- _Supplied records_:
(* Let $R$ be a commutative ring with identity. If $\gamma_t(\Gamma(R)) = 2$ and $R$ is not isomorphic to $\mathbb{Z}_2\times D$ for any integral domain $D$, then $\gamma_t(\Gamma(R)) = \gamma(\Gamma(R))$.
   Context: All rings are commutative with identity. $Z(R)^*$ is the set of nonzero zero-divisors. The zero-divisor graph $\Gamma(R)$ has vertex set $Z(R)^*$; distinct $r,s$ are adjacent iff $rs=0$, and $x$ is adjacent to itself iff $x^2=0$. A dominating set is $X\subseteq Z(R)^*$ such that every vertex not in $X$ is adjacent to some element of $X$; a total dominating set is $X$ such that every vertex (including those in $X$) is adjacent to some element of $X$ (self-adjacency counts). $\gamma$ and $\gamma_t$ denote the respective minimum cardinalities. *)

From HB Require Import structures.
From mathcomp Require Import all_boot all_order all_algebra.
Set Implicit Arguments. Unset Strict Implicit. Unset Printing Implicit Defensive.
Import GRing.Theory.
Local Open Scope ring_scope.

Section ZeroDivisorGraph.
Variable R : comPzRingType.

Definition zdiv_star (x : R) : Prop :=
  x != 0 /\ exists y : R, y != 0 /\ x * y = 0.

(* Adjacency in Gamma(R) between vertices x, y (distinct: xy = 0;
   equal: x^2 = 0 -- both cases are x * y = 0). *)
Definition zd_adj (x y : R) : Prop := x * y = 0.

Definition zd_dominating (X : R -> Prop) : Prop :=
  (forall x, X x -> zdiv_star x) /\
  (forall v, zdiv_star v -> ~ X v -> exists x, X x /\ zd_adj v x).

(* Total dominating set of Gamma(R) (self-adjacency counts). *)
Definition zd_total_dominating (X : R -> Prop) : Prop :=
  (forall x, X x -> zdiv_star x) /\
  (forall v, zdiv_star v -> exists x, X x /\ zd_adj v x).

(* The minimum cardinality of a set satisfying P equals n:
   some n-element set satisfies P, and every set satisfying P has at least
   n elements (sets with fewer than n elements are finite, hence given by a
   sequence). *)
Definition min_card_is (P : (R -> Prop) -> Prop) (n : nat) : Prop :=
  (exists s : seq R, uniq s /\ size s = n /\ P (fun x => x \in s)) /\
  (forall s : seq R, P (fun x => x \in s) -> (n <= size (undup s))%N).

Definition gamma_is (n : nat) : Prop := min_card_is zd_dominating n.
Definition gamma_t_is (n : nat) : Prop := min_card_is zd_total_dominating n.

End ZeroDivisorGraph.

From HB Require Import structures.
From mathcomp Require Import all_boot all_order all_algebra.
From Stdlib Require Import ClassicalEpsilon.
Set Implicit Arguments. Unset Strict Implicit. Unset Printing Implicit Defensive.
Import GRing.Theory.
Local Open Scope ring_scope.

(* A total dominating set is dominating, so gamma <= gamma_t = 2; the point is
   to rule out a dominating set {y}.  If y^2 = 0 then {y} is even total
   dominating, contradicting gamma_t = 2.  Otherwise y is adjacent to every
   other vertex but not to itself; this forces y to be an idempotent with
   yR = {0, y} and Ann(y) = (1 - y)R an integral domain, so that
   R = yR x (1 - y)R is isomorphic to Z_2 x Ann(y). *)

Section Domination.
Variable R : comPzRingType.

Lemma zd_total_dominating_dominating (X : R -> Prop) :
  zd_total_dominating X -> zd_dominating X.
Proof. by move=> [X_vertex X_dom]; split=> // v v_vertex _; exact: X_dom. Qed.

Lemma zd_dominating_seq_inhabited (s : seq R) (v : R) :
  zd_dominating (fun x => x \in s) -> zdiv_star v -> exists x, x \in s.
Proof.
case: s => [|x s] [_ s_dom] v_vertex; last by exists x; exact: mem_head.
by have [x []] := s_dom v v_vertex notF.
Qed.

Definition zd_dominating_vertex (y : R) : Prop :=
  zdiv_star y /\ forall v, zdiv_star v -> v != y -> v * y = 0.

Lemma zd_dominating_singleton (X : R -> Prop) (y : R) :
  (forall x, X x <-> x = y) -> zd_dominating X -> zd_dominating_vertex y.
Proof.
move=> X_y [X_vertex X_dom]; split; first exact/X_vertex/X_y.
move=> v v_vertex v_ne_y.
have v_notin : ~ X v by move/X_y/eqP; exact/negP.
by have [x [/X_y <-]] := X_dom v v_vertex v_notin.
Qed.

Lemma zd_total_dominating_singleton (X : R -> Prop) (y : R) :
  (forall x, X x <-> x = y) -> zd_dominating_vertex y -> y * y = 0 ->
  zd_total_dominating X.
Proof.
move=> X_y [y_vertex y_dom] yy0; split=> [x /X_y -> //|v v_vertex].
exists y; split; first exact/X_y.
by have [->|] := eqVneq v y; last exact: y_dom.
Qed.

End Domination.

Record z2_split_idempotent (R : comPzRingType) (e : R) : Prop := Z2SplitIdempotent {
  split_idem : e * e = e;
  split_neq0 : e != 0;
  split_compl_neq0 : 1 - e != 0;
  split_mul_dichotomy : forall r, r * e = 0 \/ r * e = e;
  split_ann_domain :
    forall a b, a * e = 0 -> b * e = 0 -> a * b = 0 -> a = 0 \/ b = 0 }.

Section DominatingVertex.
Variables (R : comPzRingType) (y : R).
Hypotheses (y_dom : zd_dominating_vertex y) (yy_neq0 : y * y != 0).

Lemma dominating_vertex_eq (v : R) : zdiv_star v -> v * y != 0 -> v = y.
Proof.
move=> v_vertex; apply: contraNeq => v_ne_y.
by apply/eqP; exact: y_dom.2.
Qed.

Lemma dominating_vertex_idem : y * y = y.
Proof.
have [y_neq0 [z [z_neq0 yz0]]] := y_dom.1.
have [//|yy_ne_y] := eqVneq (y * y) y; exfalso.
have yy_vertex : zdiv_star (y * y).
  by split=> //; exists z; rewrite -mulrA yz0 mulr0.
have y3 : y * y * y = 0.
  apply/eqP; apply: contraNT yy_ne_y => y3_neq0.
  by apply/eqP; exact: dominating_vertex_eq.
(* y + y^2 acts on y as y^2 does, yet is annihilated by y^2 *)
have yyy_y : (y + y * y) * y = y * y by rewrite mulrDl y3 addr0.
have yyy_vertex : zdiv_star (y + y * y).
  split; first by apply: contra_neq yy_neq0 => yyy0; rewrite -yyy_y yyy0 mul0r.
  exists (y * y); split=> //.
  by rewrite mulrDl mulrA y3 [y * y * _]mulrA y3 mul0r addr0.
have yyy_y_neq0 : (y + y * y) * y != 0 by rewrite yyy_y.
have /eqP := dominating_vertex_eq yyy_vertex yyy_y_neq0.
by rewrite -subr_eq0 addrAC subrr add0r (negbTE yy_neq0).
Qed.

Lemma dominating_vertex_compl_neq0 : 1 - y != 0.
Proof.
have [_ [z [z_neq0 yz0]]] := y_dom.1.
by rewrite subr_eq0; apply: contra_neq z_neq0 => y1; rewrite -yz0 -y1 mul1r.
Qed.

Lemma dominating_vertex_mul_dichotomy (r : R) : r * y = 0 \/ r * y = y.
Proof.
have [ry0|ry_neq0] := eqVneq (r * y) 0; [by left | right].
apply: dominating_vertex_eq; last by rewrite -mulrA dominating_vertex_idem.
split=> //; exists (1 - y); split; first exact: dominating_vertex_compl_neq0.
by rewrite -mulrA mulrBr mulr1 dominating_vertex_idem subrr mulr0.
Qed.

Lemma dominating_vertex_ann_domain (a b : R) :
  a * y = 0 -> b * y = 0 -> a * b = 0 -> a = 0 \/ b = 0.
Proof.
move=> ay0 by0 ab0; have [a0|a_neq0] := eqVneq a 0; [by left | right].
apply/eqP; apply: contraNT a_neq0 => b_neq0.
have ay_y : (a + y) * y = y by rewrite mulrDl ay0 add0r dominating_vertex_idem.
have ay_vertex : zdiv_star (a + y).
  split; first by apply: contra_neq y_dom.1.1 => ay0'; rewrite -ay_y ay0' mul0r.
  by exists b; rewrite mulrDl ab0 add0r mulrC.
have ay_y_neq0 : (a + y) * y != 0 by rewrite ay_y; exact: y_dom.1.1.
have := dominating_vertex_eq ay_vertex ay_y_neq0.
by move/(canRL (addrK y)); rewrite subrr => ->.
Qed.

Lemma dominating_vertex_split : z2_split_idempotent y.
Proof.
split; [exact: dominating_vertex_idem | exact: y_dom.1.1
  | exact: dominating_vertex_compl_neq0 | exact: dominating_vertex_mul_dichotomy
  | exact: dominating_vertex_ann_domain].
Qed.

End DominatingVertex.

Section SplitFactor.
Variables (R : comPzRingType) (e : R) (He : z2_split_idempotent e).

Definition annihilator : pred R := [pred r | r * e == 0].

Lemma annihilator_zmod_closed : zmod_closed annihilator.
Proof. by split=> [|a b /eqP ae /eqP be]; rewrite inE ?mul0r // mulrBl ae be subr0. Qed.
HB.instance Definition _ := GRing.isZmodClosed.Build R annihilator
  annihilator_zmod_closed.

(* The ideal (1 - e)R = Ann(e), a ring with identity 1 - e; indexing the type
   by the proof [He] lets the ring structures below be canonical. *)
Definition split_factor of z2_split_idempotent e := {r : R | r \in annihilator}.
Local Notation D := (split_factor He).

HB.instance Definition _ := [isSub for @sval R annihilator : D -> R].
HB.instance Definition _ := [Choice of D by <:].
HB.instance Definition _ := [SubChoice_isSubZmodule of D by <:].

Lemma annihilator_mul (a : D) : val a * e = 0.
Proof. by apply/eqP; have := valP a; rewrite inE. Qed.

Lemma compl_annihilator : (1 - e) * e = 0.
Proof. by rewrite mulrBl mul1r (split_idem He) subrr. Qed.

Lemma compl_idem : (1 - e) * (1 - e) = 1 - e.
Proof. by rewrite mulrBr mulr1 compl_annihilator subr0. Qed.

Lemma annihilator_mulr (r : R) (a : D) : r * val a \in annihilator.
Proof. by rewrite inE -mulrA annihilator_mul mulr0. Qed.

Definition factor_one : D := Sub (1 - e) (introT eqP compl_annihilator).
Definition factor_mul (a b : D) : D := Sub (val a * val b) (annihilator_mulr _ b).

Lemma factor_mulA : associative factor_mul.
Proof. by move=> a b c; apply: val_inj; rewrite !SubK mulrA. Qed.

Lemma factor_mulC : commutative factor_mul.
Proof. by move=> a b; apply: val_inj; rewrite !SubK mulrC. Qed.

Lemma factor_mul1 : left_id factor_one factor_mul.
Proof.
by move=> a; apply: val_inj; rewrite !SubK mulrBl mul1r mulrC annihilator_mul subr0.
Qed.

Lemma factor_mulDl : left_distributive factor_mul +%R.
Proof. by move=> a b c; apply: val_inj; rewrite /= mulrDl. Qed.

Lemma factor_one_neq0 : factor_one != 0.
Proof. by rewrite -(inj_eq val_inj) SubK (split_compl_neq0 He). Qed.

HB.instance Definition _ := GRing.Zmodule_isComNzRing.Build D
  factor_mulA factor_mulC factor_mul1 factor_mulDl factor_one_neq0.

Definition factor_unit : pred D := fun a =>
  if excluded_middle_informative (exists b : D, b * a == 1) then true else false.

Definition factor_inv (a : D) : D :=
  if excluded_middle_informative (exists b : D, b * a == 1) is left has_inv
  then xchoose has_inv else a.

Lemma factor_mulVr : {in factor_unit, left_inverse 1 factor_inv *%R}.
Proof.
move=> a; rewrite unfold_in /factor_unit /factor_inv.
by case: excluded_middle_informative => // has_inv _; exact/eqP/(xchooseP has_inv).
Qed.

Lemma factor_unitPl (a b : D) : b * a = 1 -> factor_unit a.
Proof.
move=> ba1; rewrite /factor_unit.
by case: excluded_middle_informative => // -[]; exists b; apply/eqP.
Qed.

Lemma factor_inv_out : {in [predC factor_unit], factor_inv =1 id}.
Proof.
move=> a; rewrite inE /= unfold_in /factor_unit /factor_inv.
by case: excluded_middle_informative.
Qed.

HB.instance Definition _ := GRing.ComNzRing_hasMulInverse.Build D
  factor_mulVr factor_unitPl factor_inv_out.

Lemma factor_integral : GRing.integral_domain_axiom D.
Proof.
move=> a b /(congr1 val) /= ab0; apply/orP.
have [a0|b0] := split_ann_domain He (annihilator_mul a) (annihilator_mul b) ab0;
  [left | right]; exact/eqP/val_inj.
Qed.

HB.instance Definition _ := GRing.ComUnitRing_isIntegral.Build D factor_integral.

(* The coordinate of r in eR = {0, e} = Z_2. *)
Definition split_bit (r : R) : 'Z_2 := (r * e != 0)%:R.

Definition split_map (r : R) : 'Z_2 * D :=
  (split_bit r, Sub (r * (1 - e)) (annihilator_mulr r factor_one)).

Lemma split_bit_is_zmod_morphism : zmod_morphism split_bit.
Proof.
move=> a b; rewrite /split_bit mulrBl.
have e_neq0 := split_neq0 He.
have [] := split_mul_dichotomy He a => ->; have [] := split_mul_dichotomy He b => ->;
  rewrite ?subrr ?subr0 ?sub0r ?oppr_eq0 ?eqxx ?(negbTE e_neq0); exact/eqP.
Qed.

Lemma split_map_is_zmod_morphism : zmod_morphism split_map.
Proof.
move=> a b; congr (_, _); first exact: split_bit_is_zmod_morphism.
by apply: val_inj; rewrite /= mulrBl.
Qed.

Lemma split_map_is_monoid_morphism : monoid_morphism split_map.
Proof.
split.
  congr (_, _); first by rewrite /split_bit mul1r (split_neq0 He).
  by apply: val_inj; rewrite /= mul1r.
move=> a b; congr (_, _).
  rewrite /= /split_bit -mulrA; have [] := split_mul_dichotomy He b => ->.
    by rewrite mulr0 eqxx mulr0.
  by rewrite (split_neq0 He) mulr1.
by apply: val_inj; rewrite /= mulrACA compl_idem.
Qed.

HB.instance Definition _ := GRing.isZmodMorphism.Build R ('Z_2 * D)%type
  split_map split_map_is_zmod_morphism.
HB.instance Definition _ := GRing.isMonoidMorphism.Build R ('Z_2 * D)%type
  split_map split_map_is_monoid_morphism.

Lemma split_map_bij : bijective split_map.
Proof.
exists (fun p : 'Z_2 * D => e *+ p.1 + val p.2).
  move=> r; rewrite /split_map /split_bit /= mulrBr mulr1.
  have [] := split_mul_dichotomy He r => ->.
    by rewrite eqxx add0r subr0.
  by rewrite (split_neq0 He) addrC subrK.
move=> [[[|[|k]] k_lt2] a] //=; congr (_, _).
- by apply: val_inj; rewrite /split_bit /= add0r annihilator_mul eqxx.
- by apply: val_inj; rewrite /= add0r mulrBr mulr1 annihilator_mul subr0.
- apply: val_inj; rewrite /split_bit /= mulrDl annihilator_mul addr0.
  by rewrite (split_idem He) (split_neq0 He).
- apply: val_inj; rewrite /= mulrDl mulrBr mulr1 (split_idem He) subrr add0r.
  by rewrite mulrBr mulr1 annihilator_mul subr0.
Qed.

End SplitFactor.

Lemma z2_split_idempotent_iso (R : comPzRingType) (e : R) :
  z2_split_idempotent e ->
  exists (D : idomainType) (f : {rmorphism R -> ('Z_2 * D)%type}), bijective f.
Proof. by move=> He; exists (split_factor He), (split_map He); exact: split_map_bij. Qed.

Theorem proposition3p3 (R : comPzRingType) :
  gamma_t_is R 2 ->
  ~ (exists (D : idomainType) (f : {rmorphism R -> ('Z_2 * D)%type}), bijective f) ->
  gamma_is R 2.
Proof.
move=> [[st [st_uniq [st_size st_tdom]]] gamma_t_min] not_iso.
split; first by exists st; split=> //; split=> //; exact: zd_total_dominating_dominating.
have [v v_vertex] : exists v : R, zdiv_star v.
  case: st st_size st_tdom {st_uniq} => // v ? _ [st_vertex _].
  by exists v; exact/st_vertex/mem_head.
move=> s s_dom; rewrite leqNgt; apply/negP.
case s_y: (undup s) => [|y [|//]] // _.
  have [x] := zd_dominating_seq_inhabited s_dom v_vertex.
  by rewrite -mem_undup s_y.
have s_eq_y x : x \in s <-> x = y by rewrite -mem_undup s_y inE; split=> /eqP.
have y_dom := zd_dominating_singleton s_eq_y s_dom.
have [yy0|yy_neq0] := eqVneq (y * y) 0.
  by have := gamma_t_min s (zd_total_dominating_singleton s_eq_y y_dom yy0); rewrite s_y.
exact/not_iso/z2_split_idempotent_iso/(dominating_vertex_split y_dom yy_neq0).
Qed.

- _Instructions for the task_: Take the entries above and return only the lines from the one with "Lemma z2_split_idempotent_iso (R" to the one with "have [yy0|yy_neq0] := eqVneq (y * y) 0.", both included, unchanged.

- _Exercise answer_:
Lemma z2_split_idempotent_iso (R : comPzRingType) (e : R) :
  z2_split_idempotent e ->
  exists (D : idomainType) (f : {rmorphism R -> ('Z_2 * D)%type}), bijective f.
Proof. by move=> He; exists (split_factor He), (split_map He); exact: split_map_bij. Qed.

Theorem proposition3p3 (R : comPzRingType) :
  gamma_t_is R 2 ->
  ~ (exists (D : idomainType) (f : {rmorphism R -> ('Z_2 * D)%type}), bijective f) ->
  gamma_is R 2.
Proof.
move=> [[st [st_uniq [st_size st_tdom]]] gamma_t_min] not_iso.
split; first by exists st; split=> //; split=> //; exact: zd_total_dominating_dominating.
have [v v_vertex] : exists v : R, zdiv_star v.
  case: st st_size st_tdom {st_uniq} => // v ? _ [st_vertex _].
  by exists v; exact/st_vertex/mem_head.
move=> s s_dom; rewrite leqNgt; apply/negP.
case s_y: (undup s) => [|y [|//]] // _.
  have [x] := zd_dominating_seq_inhabited s_dom v_vertex.
  by rewrite -mem_undup s_y.
have s_eq_y x : x \in s <-> x = y by rewrite -mem_undup s_y inE; split=> /eqP.
have y_dom := zd_dominating_singleton s_eq_y s_dom.
have [yy0|yy_neq0] := eqVneq (y * y) 0.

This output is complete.